▶ **Material for this task**:
Lemma mmul_mpow_col n A Z g k i :
  (i < n)%nat -> mmul n (mpow n A k) Z i g = mv_iter n A (fun l => Z l g) k i.
Proof.
revert i; induction k as [|k IH]; intros i Hi; simpl.
- exact (fsum_mid n i (fun l => Z l g) Hi).
- change (mv n (mmul n A (mpow n A k)) (fun l => Z l g) i = mv n A (mv_iter n A (fun l => Z l g) k) i).
  rewrite mv_mmul; apply mv_ext; intros j Hj; exact (IH j Hj).
Qed.

Section NeumannSeries.
Variables (n : nat) (A : mat) (z v : vec) (tp : R).
Hypothesis HA : mat_nonneg n A.
Hypothesis Hz : forall i, (i < n)%nat -> 0 <= z i.
Hypothesis Htp : 0 < tp.
Hypothesis Hv : forall i, (i < n)%nat -> 0 < v i.
Hypothesis Hsup : forall i, (i < n)%nat -> tp * mv n A v i < v i.

Lemma mv_iter_nonneg k i : (i < n)%nat -> 0 <= mv_iter n A z k i.
Proof.
revert i; induction k as [|k IH]; intros i Hi; simpl; [auto|].
apply mv_nonneg; auto.
Qed.

Lemma mv_iter_geometric :
  exists C, 0 <= C /\ forall k i, (i < n)%nat -> mv_iter n A z k i <= C * (/ tp) ^ k * v i.
Proof.
assert (Hzv : forall i, (i < n)%nat -> 0 <= z i / v i)
  by (intros i Hi; apply Rdiv_le_0_compat; auto).
exists (fsum n (fun i => z i / v i)); split; [now apply fsum_ge0|].
set (C := fsum n (fun i => z i / v i)).
assert (HC : 0 <= C) by (now apply fsum_ge0).
induction k as [|k IH]; intros i Hi; simpl.
- assert (Hle : z i / v i <= C) by (now apply (fsum_le_term n (fun i => z i / v i))).
  specialize (Hv i Hi).
  apply (Rmult_le_compat_r (v i)) in Hle; [|lra].
  unfold Rdiv in Hle; rewrite Rmult_assoc, Rinv_l, Rmult_1_r in Hle by lra; lra.
- assert (Hp : 0 <= C * (/ tp) ^ k) by (apply Rmult_le_pos; [exact HC|apply pow_le, Rlt_le, Rinv_0_lt_compat, Htp]).
  apply Rle_trans with (C * (/ tp) ^ k * mv n A v i).
  + unfold mv; rewrite <- fsum_scal; apply fsum_le; intros l Hl.
    specialize (IH l Hl); specialize (HA i l Hi Hl); nra.
  + assert (HAv : mv n A v i <= / tp * v i).
    { apply (Rmult_le_reg_l tp); auto.
      rewrite <- Rmult_assoc, Rinv_r, Rmult_1_l by lra; apply Rlt_le, Hsup, Hi. }
    replace (C * (/ tp * (/ tp) ^ k) * v i) with (C * (/ tp) ^ k * (/ tp * v i)) by ring.
    now apply Rmult_le_compat_l.
Qed.

Lemma neumann_ex_series b i :
  0 <= b < tp -> (i < n)%nat -> ex_series (fun k => b ^ k * mv_iter n A z k i).
Proof.
intros Hb Hi; destruct mv_iter_geometric as [C [HC Hgeo]].
assert (Hq : 0 <= b * / tp < 1).
{ split; [apply Rmult_le_pos; [lra|apply Rlt_le, Rinv_0_lt_compat, Htp]|].
  apply (Rmult_lt_reg_r tp); auto; rewrite Rmult_assoc, Rinv_l by lra; lra. }
apply (ex_series_Rle _ (fun k => C * v i * (b * / tp) ^ k)).
- intros k; assert (Hbk : 0 <= b ^ k) by (apply pow_le; lra).
  split; [apply Rmult_le_pos; [exact Hbk|now apply mv_iter_nonneg]|].
  rewrite Rpow_mult_distr.
  replace (C * v i * (b ^ k * (/ tp) ^ k)) with (b ^ k * (C * (/ tp) ^ k * v i)) by ring.
  apply Rmult_le_compat_l; auto.
- exists (C * v i * / (1 - b * / tp)).
  apply is_series_Rscal, is_series_geom; rewrite Rabs_pos_eq; lra.
Qed.

Definition neumann (b : R) : vec := fun i => Series (fun k => b ^ k * mv_iter n A z k i).

Lemma neumann_is_series b i :
  0 <= b < tp -> (i < n)%nat -> is_series (fun k => b ^ k * mv_iter n A z k i) (neumann b i).
Proof. intros; now apply Series_correct, neumann_ex_series. Qed.

Lemma neumann_fixpoint b i :
  0 <= b < tp -> (i < n)%nat -> neumann b i - b * mv n A (neumann b) i = z i.
Proof.
intros Hb Hi.
assert (Hshift : is_series (fun k => b ^ S k * mv_iter n A z (S k) i) (b * mv n A (neumann b) i)).
{ apply (is_series_Rext (fun k => b * fsum n (fun l => A i l * (b ^ k * mv_iter n A z k l)))).
  - intros k; simpl; unfold mv; rewrite Rmult_assoc, <- (fsum_scal n (b ^ k)).
    f_equal; apply fsum_ext; intros; ring.
  - apply is_series_Rscal, is_series_fsum; intros l Hl.
    apply is_series_Rscal, neumann_is_series; auto. }
assert (Htail : is_series (fun k => b ^ S k * mv_iter n A z (S k) i) (neumann b i - z i)).
{ apply (is_series_incr_1 (fun k => b ^ k * mv_iter n A z k i)).
  assert (Hsum := neumann_is_series b i Hb Hi).
  replace (neumann b i) with (plus (neumann b i - z i) (b ^ 0 * mv_iter n A z 0 i)) in Hsum
    by (unfold plus; simpl; ring).
  exact Hsum. }
pose proof (is_series_unique _ _ Hshift); pose proof (is_series_unique _ _ Htail); lra.
Qed.

Lemma neumann_minv b X i :
  0 <= b < tp -> is_minv n (msub mid (mscale b A)) X -> (i < n)%nat ->
  neumann b i = mv n X z i.
Proof.
intros Hb HX Hi; rewrite <- (mv_minv_l n _ X (neumann b) i HX Hi).
apply mv_ext; intros j Hj; rewrite mv_resolvent by exact Hj.
now apply neumann_fixpoint.
Qed.

End NeumannSeries.

Lemma resolvent_is_series n A Z d g b tp :
  (g < n)%nat -> mat_nonneg n A -> mat_nonneg n Z -> has_pos_supervector n A tp ->
  0 <= b < tp -> (exists X, is_minv n (msub mid (mscale b A)) X) ->
  is_series (fun k => b ^ k * dTMdelta n d (mmul n (mpow n A k) Z) g)
            (dTMdelta n d (mmul n (minv n (msub mid (mscale b A))) Z) g).
Proof.
intros Hg HA HZ [v [Hv Hsup]] Hb Hinv.
assert (HX : is_minv n (msub mid (mscale b A)) (minv n (msub mid (mscale b A))))
  by (unfold minv; apply epsilon_spec, Hinv).
set (z := fun l => Z l g).
assert (Hz : forall l, (l < n)%nat -> 0 <= z l) by (intros l Hl; apply HZ; assumption).
assert (Htp : 0 < tp) by lra.
apply (is_series_Rext (fun k => fsum n (fun i => d i * (b ^ k * mv_iter n A z k i)))).
{ intros k; unfold dTMdelta; rewrite <- fsum_scal; apply fsum_ext; intros i Hi.
  rewrite mmul_mpow_col by exact Hi; unfold z; ring. }
apply is_series_fsum; intros i Hi; apply is_series_Rscal.
change (mmul n (minv n (msub mid (mscale b A))) Z i g)
  with (mv n (minv n (msub mid (mscale b A))) z i).
rewrite <- (neumann_minv n A z v tp HA Hz Htp Hv Hsup b _ i Hb HX Hi).
exact (neumann_is_series n A z v tp HA Hz Htp Hv Hsup b i Hb Hi).
Qed.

▶ **What the exercise asks**: Every line above should be output exactly as it stands.

▶ **Reply**:
Lemma mmul_mpow_col n A Z g k i :
  (i < n)%nat -> mmul n (mpow n A k) Z i g = mv_iter n A (fun l => Z l g) k i.
Proof.
revert i; induction k as [|k IH]; intros i Hi; simpl.
- exact (fsum_mid n i (fun l => Z l g) Hi).
- change (mv n (mmul n A (mpow n A k)) (fun l => Z l g) i = mv n A (mv_iter n A (fun l => Z l g) k) i).
  rewrite mv_mmul; apply mv_ext; intros j Hj; exact (IH j Hj).
Qed.

Section NeumannSeries.
Variables (n : nat) (A : mat) (z v : vec) (tp : R).
Hypothesis HA : mat_nonneg n A.
Hypothesis Hz : forall i, (i < n)%nat -> 0 <= z i.
Hypothesis Htp : 0 < tp.
Hypothesis Hv : forall i, (i < n)%nat -> 0 < v i.
Hypothesis Hsup : forall i, (i < n)%nat -> tp * mv n A v i < v i.

Lemma mv_iter_nonneg k i : (i < n)%nat -> 0 <= mv_iter n A z k i.
Proof.
revert i; induction k as [|k IH]; intros i Hi; simpl; [auto|].
apply mv_nonneg; auto.
Qed.

Lemma mv_iter_geometric :
  exists C, 0 <= C /\ forall k i, (i < n)%nat -> mv_iter n A z k i <= C * (/ tp) ^ k * v i.
Proof.
assert (Hzv : forall i, (i < n)%nat -> 0 <= z i / v i)
  by (intros i Hi; apply Rdiv_le_0_compat; auto).
exists (fsum n (fun i => z i / v i)); split; [now apply fsum_ge0|].
set (C := fsum n (fun i => z i / v i)).
assert (HC : 0 <= C) by (now apply fsum_ge0).
induction k as [|k IH]; intros i Hi; simpl.
- assert (Hle : z i / v i <= C) by (now apply (fsum_le_term n (fun i => z i / v i))).
  specialize (Hv i Hi).
  apply (Rmult_le_compat_r (v i)) in Hle; [|lra].
  unfold Rdiv in Hle; rewrite Rmult_assoc, Rinv_l, Rmult_1_r in Hle by lra; lra.
- assert (Hp : 0 <= C * (/ tp) ^ k) by (apply Rmult_le_pos; [exact HC|apply pow_le, Rlt_le, Rinv_0_lt_compat, Htp]).
  apply Rle_trans with (C * (/ tp) ^ k * mv n A v i).
  + unfold mv; rewrite <- fsum_scal; apply fsum_le; intros l Hl.
    specialize (IH l Hl); specialize (HA i l Hi Hl); nra.
  + assert (HAv : mv n A v i <= / tp * v i).
    { apply (Rmult_le_reg_l tp); auto.
      rewrite <- Rmult_assoc, Rinv_r, Rmult_1_l by lra; apply Rlt_le, Hsup, Hi. }
    replace (C * (/ tp * (/ tp) ^ k) * v i) with (C * (/ tp) ^ k * (/ tp * v i)) by ring.
    now apply Rmult_le_compat_l.
Qed.

Lemma neumann_ex_series b i :
  0 <= b < tp -> (i < n)%nat -> ex_series (fun k => b ^ k * mv_iter n A z k i).
Proof.
intros Hb Hi; destruct mv_iter_geometric as [C [HC Hgeo]].
assert (Hq : 0 <= b * / tp < 1).
{ split; [apply Rmult_le_pos; [lra|apply Rlt_le, Rinv_0_lt_compat, Htp]|].
  apply (Rmult_lt_reg_r tp); auto; rewrite Rmult_assoc, Rinv_l by lra; lra. }
apply (ex_series_Rle _ (fun k => C * v i * (b * / tp) ^ k)).
- intros k; assert (Hbk : 0 <= b ^ k) by (apply pow_le; lra).
  split; [apply Rmult_le_pos; [exact Hbk|now apply mv_iter_nonneg]|].
  rewrite Rpow_mult_distr.
  replace (C * v i * (b ^ k * (/ tp) ^ k)) with (b ^ k * (C * (/ tp) ^ k * v i)) by ring.
  apply Rmult_le_compat_l; auto.
- exists (C * v i * / (1 - b * / tp)).
  apply is_series_Rscal, is_series_geom; rewrite Rabs_pos_eq; lra.
Qed.

Definition neumann (b : R) : vec := fun i => Series (fun k => b ^ k * mv_iter n A z k i).

Lemma neumann_is_series b i :
  0 <= b < tp -> (i < n)%nat -> is_series (fun k => b ^ k * mv_iter n A z k i) (neumann b i).
Proof. intros; now apply Series_correct, neumann_ex_series. Qed.

Lemma neumann_fixpoint b i :
  0 <= b < tp -> (i < n)%nat -> neumann b i - b * mv n A (neumann b) i = z i.
Proof.
intros Hb Hi.
assert (Hshift : is_series (fun k => b ^ S k * mv_iter n A z (S k) i) (b * mv n A (neumann b) i)).
{ apply (is_series_Rext (fun k => b * fsum n (fun l => A i l * (b ^ k * mv_iter n A z k l)))).
  - intros k; simpl; unfold mv; rewrite Rmult_assoc, <- (fsum_scal n (b ^ k)).
    f_equal; apply fsum_ext; intros; ring.
  - apply is_series_Rscal, is_series_fsum; intros l Hl.
    apply is_series_Rscal, neumann_is_series; auto. }
assert (Htail : is_series (fun k => b ^ S k * mv_iter n A z (S k) i) (neumann b i - z i)).
{ apply (is_series_incr_1 (fun k => b ^ k * mv_iter n A z k i)).
  assert (Hsum := neumann_is_series b i Hb Hi).
  replace (neumann b i) with (plus (neumann b i - z i) (b ^ 0 * mv_iter n A z 0 i)) in Hsum
    by (unfold plus; simpl; ring).
  exact Hsum. }
pose proof (is_series_unique _ _ Hshift); pose proof (is_series_unique _ _ Htail); lra.
Qed.

Lemma neumann_minv b X i :
  0 <= b < tp -> is_minv n (msub mid (mscale b A)) X -> (i < n)%nat ->
  neumann b i = mv n X z i.
Proof.
intros Hb HX Hi; rewrite <- (mv_minv_l n _ X (neumann b) i HX Hi).
apply mv_ext; intros j Hj; rewrite mv_resolvent by exact Hj.
now apply neumann_fixpoint.
Qed.

End NeumannSeries.

Lemma resolvent_is_series n A Z d g b tp :
  (g < n)%nat -> mat_nonneg n A -> mat_nonneg n Z -> has_pos_supervector n A tp ->
  0 <= b < tp -> (exists X, is_minv n (msub mid (mscale b A)) X) ->
  is_series (fun k => b ^ k * dTMdelta n d (mmul n (mpow n A k) Z) g)
            (dTMdelta n d (mmul n (minv n (msub mid (mscale b A))) Z) g).
Proof.
intros Hg HA HZ [v [Hv Hsup]] Hb Hinv.
assert (HX : is_minv n (msub mid (mscale b A)) (minv n (msub mid (mscale b A))))
  by (unfold minv; apply epsilon_spec, Hinv).
set (z := fun l => Z l g).
assert (Hz : forall l, (l < n)%nat -> 0 <= z l) by (intros l Hl; apply HZ; assumption).
assert (Htp : 0 < tp) by lra.
apply (is_series_Rext (fun k => fsum n (fun i => d i * (b ^ k * mv_iter n A z k i)))).
{ intros k; unfold dTMdelta; rewrite <- fsum_scal; apply fsum_ext; intros i Hi.
  rewrite mmul_mpow_col by exact Hi; unfold z; ring. }
apply is_series_fsum; intros i Hi; apply is_series_Rscal.
change (mmul n (minv n (msub mid (mscale b A))) Z i g)
  with (mv n (minv n (msub mid (mscale b A))) z i).
rewrite <- (neumann_minv n A z v tp HA Hz Htp Hv Hsup b _ i Hb HX Hi).
exact (neumann_is_series n A z v tp HA Hz Htp Hv Hsup b i Hb Hi).
Qed.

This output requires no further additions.